Балъюртовские летописцы | страница 38
И вот теперь что-то подозревает Володя. И только ли он один? Не все же спросят у меня об этом так просто, как Галич, будут судить да рядить меж собой…
Галич ушел, и я разнервничался. Раньше, говорят, раздраженным чем-нибудь падишахам подносили драгоценную посуду, они разбивали ее и, таким образом, получали разрядку. И в наше время некоторые руководители находят выход: придираются к подчиненным, устраивают им „головомойку“, и в этом находят успокоение. Я так не могу, мне бывает стыдно за собственную слабость, и я делаю все, чтобы скрыть свое настроение от окружающих.

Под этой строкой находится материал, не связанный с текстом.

(* Let $t_1, t_2 \in \mathsf{Topo}$, let $f$ be an embedding of $t_1$ inside $t_2$, and let $pkt \in \mathsf{Pkt}$, $pt \in \mathsf{Path}(t_1)$ and $q \in \mathsf{PIFOTree}(t_1)$. Then $\widehat f(\mathsf{push}(q, pkt, pt)) = \mathsf{push}(\widehat f(q), pkt, \widetilde f(pt))$.
   Context: Fix a set $\mathsf{Pkt}$ of packets and a totally ordered set $\mathsf{Rk}$ of ranks (smaller is more favorable). PIFOs: for a set $S$, a PIFO over $S$ is a finite sequence of pairs $(s,r)\in S\times\mathsf{Rk}$ in insertion order; $\mathsf{PIFO}(S)$ is the set of these. $\mathsf{push}_{\mathsf{PIFO}}(p,s,r)$ appends $(s,r)$ to $p$. Topologies: $\mathsf{Topo}$ is the smallest set with $*\in\mathsf{Topo}$ and $\mathsf{Node}(\vec t)\in\mathsf{Topo}$ for $n\in\mathbb{N}$, $\vec t\in\mathsf{Topo}^n$. PIFO trees: $\mathsf{Leaf}(p)\in\mathsf{PIFOTree}( * )$ for $p\in\mathsf{PIFO}(\mathsf{Pkt})$; $\mathsf{Internal}(\vec q,p)\in\mathsf{PIFOTree}(\mathsf{Node}(\vec t))$ whenever $\vec t\in\mathsf{Topo}^n$, $p\in\mathsf{PIFO}(\{1,\dots,n\})$, $\vec q[i]\in\mathsf{PIFOTree}(\vec t[i])$. $\vec q[q'/i]$ replaces the $i$-th entry by $q'$. Paths: $\mathsf{Path}( * )=\mathsf{Rk}$; $\mathsf{Path}(\mathsf{Node}(\vec t))$ consists of $(i,r)::pt$ with $1\le i\le n$, $r\in\mathsf{Rk}$, $pt\in\mathsf{Path}(\vec t[i])$. push: $\mathsf{push}(\mathsf{Leaf}(p),pkt,r)=\mathsf{Leaf}(\mathsf{push}_{\mathsf{PIFO}}(p,pkt,r))$; $\mathsf{push}(\mathsf{Internal}(\vec q,p),pkt,(i,r)::pt)=\mathsf{Internal}(\vec q[\mathsf{push}(\vec q[i],pkt,pt)/i],\mathsf{push}_{\mathsf{PIFO}}(p,i,r))$. Addresses: $\mathsf{Addr}(t)\subseteq\mathbb{N}^*$ is the smallest set with $\epsilon\in\mathsf{Addr}(t)$ and $i\cdot\alpha\in\mathsf{Addr}(\mathsf{Node}(\vec t))$ for $1\le i\le n$, $\alpha\in\mathsf{Addr}(\vec t[i])$. Subtrees: $t/\epsilon=t$, $\mathsf{Node}(\vec t)/(i\cdot\alpha)=\vec t[i]/\alpha$. An embedding of $t_1$ in $t_2$ is an injective $f:\mathsf{Addr}(t_1)\to\mathsf{Addr}(t_2)$ with $f(\epsilon)=\epsilon$, $t_2/f(\alpha)=*$ whenever $t_1/\alpha=*$, and $\alpha$ a prefix of $\alpha'$ iff $f(\alpha)$ a prefix of $f(\alpha')$. If $t_1=*$ then $t_2=*$; if $t_1=\mathsf{Node}(\vec t_1)$, the map $f_i$ defined by $f(i\cdot\alpha)=f(i)\cdot f_i(\alpha)$ is an embedding of $t_1/i$ in $t_2/f(i)$, and $f(i)\neq\epsilon$. Lifting $\widehat f:\mathsf{PIFOTree}(t_1)\to\mathsf{PIFOTree}(t_2)$, by recursion on $t_1$: if $t_1=*$, $\widehat f(q)=q$. If $t_1=\mathsf{Node}(\vec t_1)$ with $n$ children and $q=\mathsf{Internal}(\vec q,p)$, define for each address $\alpha$ of $t_2$ that is a prefix of some $f(i)$ a tree $\widehat f(q)_\alpha\in\mathsf{PIFOTree}(t_2/\alpha)$, from longer to shorter $\alpha$: if $\alpha=f(i)$, $\widehat f(q)_\alpha=\widehat{f_i}(\vec q[i])$; otherwise $t_2/\alpha$ has some $m$ children and $\widehat f(q)_\alpha=\mathsf{Internal}(\vec q_\alpha,p_\alpha)$, where $\vec q_\alpha[j]=\widehat f(q)_{\alpha\cdot j}$ if $\alpha\cdot j$ is a prefix of some $f(i)$ and otherwise $\vec q_\alpha[j]$ is the tree of topology $t_2/(\alpha\cdot j)$ with all PIFOs empty; and $p_\alpha$ is obtained from $p$ by replacing each entry $(i,r)$ by $(j,r)$ where $\alpha\cdot j$ is a prefix of $f(i)$, deleting entries for which no such $j$ exists, keeping the order. Finally $\widehat f(q)=\widehat f(q)_\epsilon$. Path translation $\widetilde f:\mathsf{Path}(t_1)\to\mathsf{Path}(t_2)$, by recursion on $t_1$: if $t_1=*$, $\widetilde f(r)=r$. If $t_1=\mathsf{Node}(\vec t_1)$ and $pt=(i,r)::pt'$ with $f(i)=j_1j_2\cdots j_k$, then $\widetilde f(pt)=(j_1,r)::(j_2,r)::\cdots::(j_k,r)::\widetilde{f_i}(pt')$. *)

From mathcomp Require Import all_boot all_order.
Set Implicit Arguments. Unset Strict Implicit. Unset Printing Implicit Defensive.

(* Conventions: children / indices are 0-based (paper's index i <-> i-1 here).
   Addresses are seq nat. *)

Inductive topo : Type := Star | Node of seq topo.

(** PIFO trees, untyped; typing w.r.t. a topology is [wf_tree]. A PIFO over S
    is a seq (S * Rk) in insertion order. *)
Inductive ptree (Pkt Rk : Type) : Type :=
| Leaf of seq (Pkt * Rk)
| Internal of seq (ptree Pkt Rk) & seq (nat * Rk).
Arguments Leaf {Pkt Rk}.
Arguments Internal {Pkt Rk}.

Fixpoint wf_tree (Pkt Rk : Type) (t : topo) (q : ptree Pkt Rk) {struct q} : Prop :=
  match t, q with
  | Star, Leaf _ => True
  | Node ts, Internal qs p =>
      [/\ size qs = size ts, all (fun e => e.1 < size ts) p &
        (fix go (ts : seq topo) (qs : seq (ptree Pkt Rk)) {struct qs} : Prop :=
           match ts, qs with
           | [::], [::] => True
           | t :: ts', q :: qs' => wf_tree t q /\ go ts' qs'
           | _, _ => False
           end) ts qs]
  | _, _ => False
  end.

Inductive rpath (Rk : Type) : Type :=
| PEnd of Rk
| PStep of nat & Rk & rpath Rk.
Arguments PEnd {Rk}.
Arguments PStep {Rk}.

Fixpoint wf_path (Rk : Type) (t : topo) (pt : rpath Rk) {struct pt} : Prop :=
  match t, pt with
  | Star, PEnd _ => True
  | Node ts, PStep i _ pt' => i < size ts /\ wf_path (nth Star ts i) pt'
  | _, _ => False
  end.

(** push_tree (on well-formed arguments; other cases are junk) *)
Fixpoint push_tree (Pkt Rk : Type) (q : ptree Pkt Rk) (pkt : Pkt) (pt : rpath Rk)
  {struct pt} : ptree Pkt Rk :=
  match pt, q with
  | PEnd r, Leaf p => Leaf (rcons p (pkt, r))
  | PStep i r pt', Internal qs p =>
      Internal (set_nth (Leaf [::]) qs i (push_tree (nth (Leaf [::]) qs i) pkt pt'))
               (rcons p (i, r))
  | _, _ => q
  end.

Fixpoint is_addr (t : topo) (a : seq nat) {struct a} : Prop :=
  match a with
  | [::] => True
  | i :: a' =>
      match t with
      | Star => False
      | Node ts => i < size ts /\ is_addr (nth Star ts i) a'
      end
  end.

Fixpoint subtree (t : topo) (a : seq nat) {struct a} : topo :=
  match a with
  | [::] => t
  | i :: a' => match t with Star => Star | Node ts => subtree (nth Star ts i) a' end
  end.

(** Embeddings of t1 in t2 (f is a total map on seq nat; only its values on
    Addr(t1) matter). *)
Definition embedding (t1 t2 : topo) (f : seq nat -> seq nat) : Prop :=
  [/\ f [::] = [::],
      forall a, is_addr t1 a -> is_addr t2 (f a),
      forall a a', is_addr t1 a -> is_addr t1 a' -> f a = f a' -> a = a',
      forall a, is_addr t1 a -> subtree t1 a = Star -> subtree t2 (f a) = Star &
      forall a a', is_addr t1 a -> is_addr t1 a' -> prefix a a' = prefix (f a) (f a')].

(** f_i : f (i :: a) = f [:: i] ++ f_i a *)
Definition fsub (f : seq nat -> seq nat) (i : nat) : seq nat -> seq nat :=
  fun a => drop (size (f [:: i])) (f (i :: a)).

Fixpoint empty_tree (Pkt Rk : Type) (s : topo) : ptree Pkt Rk :=
  match s with
  | Star => Leaf [::]
  | Node ss => Internal (map (@empty_tree Pkt Rk) ss) [::]
  end.

(** p_alpha: entries (i, r) with alpha a strict prefix of f(i) become (j, r),
    where alpha ++ [:: j] is a prefix of f(i); others are deleted. *)
Definition pifo_restrict (Rk : Type) (f : seq nat -> seq nat) (alpha : seq nat)
  (p : seq (nat * Rk)) : seq (nat * Rk) :=
  [seq (nth 0 (f [:: e.1]) (size alpha), e.2)
     | e <- p & prefix alpha (f [:: e.1]) && (size alpha < size (f [:: e.1]))].

(** The trees hat f(q)_alpha, for s = t2/alpha; [n] = number of children of t1,
    [lifted] = the list of the hat{f_i}(q_i). *)
Fixpoint build (Pkt Rk : Type) (n : nat) (f : seq nat -> seq nat)
  (lifted : seq (ptree Pkt Rk)) (p : seq (nat * Rk)) (s : topo) (alpha : seq nat)
  {struct s} : ptree Pkt Rk :=
  let k := find (fun i => f [:: i] == alpha) (iota 0 n) in
  if k < n then nth (Leaf [::]) lifted k else
  match s with
  | Star => Leaf [::] (* unreachable for embeddings *)
  | Node ss =>
      Internal
        ((fix go (ss : seq topo) (j : nat) {struct ss} : seq (ptree Pkt Rk) :=
            match ss with
            | [::] => [::]
            | s' :: ss' =>
                (if has (fun i => prefix (rcons alpha j) (f [:: i])) (iota 0 n)
                 then build n f lifted p s' (rcons alpha j)
                 else empty_tree Pkt Rk s') :: go ss' j.+1
            end) ss 0)
        (pifo_restrict f alpha p)
  end.

(** Lifting hat f : PIFOTree(t1) -> PIFOTree(t2). Defined by recursion on the
    tree q (equivalently on t1 for well-formed q: Leaf iff t1 is Star). *)
Fixpoint lift_tree (Pkt Rk : Type) (t2 : topo) (f : seq nat -> seq nat)
  (q : ptree Pkt Rk) {struct q} : ptree Pkt Rk :=
  match q with
  | Leaf _ => q
  | Internal qs p =>
      let lifted :=
        (fix go (qs : seq (ptree Pkt Rk)) (k : nat) {struct qs} : seq (ptree Pkt Rk) :=
           match qs with
           | [::] => [::]
           | q' :: qs' => lift_tree (subtree t2 (f [:: k])) (fsub f k) q' :: go qs' k.+1
           end) qs 0 in
      build (size qs) f lifted p t2 [::]
  end.

Fixpoint tpath (Rk : Type) (f : seq nat -> seq nat) (pt : rpath Rk) {struct pt}
  : rpath Rk :=
  match pt with
  | PEnd r => PEnd r
  | PStep i r pt' => foldr (fun j acc => PStep j r acc) (tpath (fsub f i) pt') (f [:: i])
  end.

From mathcomp Require Import all_boot all_order.
Set Implicit Arguments. Unset Strict Implicit. Unset Printing Implicit Defensive.

(* Pushing [q] along [PStep i r pt] changes only the [i]-th child of [q] and
   appends [(i, r)] to its root PIFO.  In [lift_tree t2 f q] that child is
   lifted to the subtree at address [f [:: i]], and the root PIFO is spread
   along the path to [f [:: i]]: the node at a strict prefix [alpha] of
   [f [:: i]] records [(j, r)], where [j] is the step of [f [:: i]] after
   [alpha].  Hence nodes off that path are unchanged, the nodes on it receive
   exactly the steps that [tpath f] prepends, and the lifted child is handled
   by induction on [pt] through the sub-embedding [fsub f i]. *)

Section Unfolding.
Variables (Pkt Rk : Type).
Implicit Types (q : ptree Pkt Rk) (qs lifted : seq (ptree Pkt Rk)).
Implicit Types (p : seq (nat * Rk)) (f : seq nat -> seq nat).

Definition child_at n f (alpha : seq nat) := find (fun j => f [:: j] == alpha) (iota 0 n).

Fixpoint build_children n f lifted p alpha (ss : seq topo) (j : nat) :=
  match ss with
  | [::] => [::]
  | s :: ss' =>
     (if has (fun i => prefix (rcons alpha j) (f [:: i])) (iota 0 n)
      then build n f lifted p s (rcons alpha j)
      else empty_tree Pkt Rk s) :: build_children n f lifted p alpha ss' j.+1
  end.

Lemma buildE n f lifted p s alpha :
  build n f lifted p s alpha =
  if child_at n f alpha < n then nth (Leaf [::]) lifted (child_at n f alpha) else
  match s with
  | Star => Leaf [::]
  | Node ss => Internal (build_children n f lifted p alpha ss 0) (pifo_restrict f alpha p)
  end.
Proof.
case: s => // ss /=; congr (if _ then _ else Internal _ _).
set range := iota 0 n. (* keeps [elim] from generalizing the [0] of [iota 0 n] *)
by elim: ss 0 => //= s ss IH j; congr (_ :: _); exact: IH.
Qed.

Весь день я думал о Заире. Да, вчерашний вечер открыл многое и мне, и ей. То, что наши глаза, вопреки осторожности и разуму, искали встречи и, встретившись, теплели, то, что мы долго танцевали, и танец этот казался мне парением в невесомости, и она чувствовала это, то, что я не смог пересилить себя и побежал ее провожать, — это ли не объяснение? Да, вчера между нами произошло что-то очень важное, такое бывает, наверно, редко. Так же редко, как редко в ночной мгле одновременно летят две звезды, так же редко, как редко рождение двойной радуги на весеннем небосклоне, так же редко, как в большом вишневом саду совершенно неожиданно расцветают осенью два деревца, расположенных далеко друг от друга.
Меня до сих пор не волновала так ни одна женщина. И я боюсь этого, боюсь. Кажется, насторожилась и Заира. Мы встретились сегодня в коридоре, она холодно кивнула и потупилась. Видно, и она спала неспокойно.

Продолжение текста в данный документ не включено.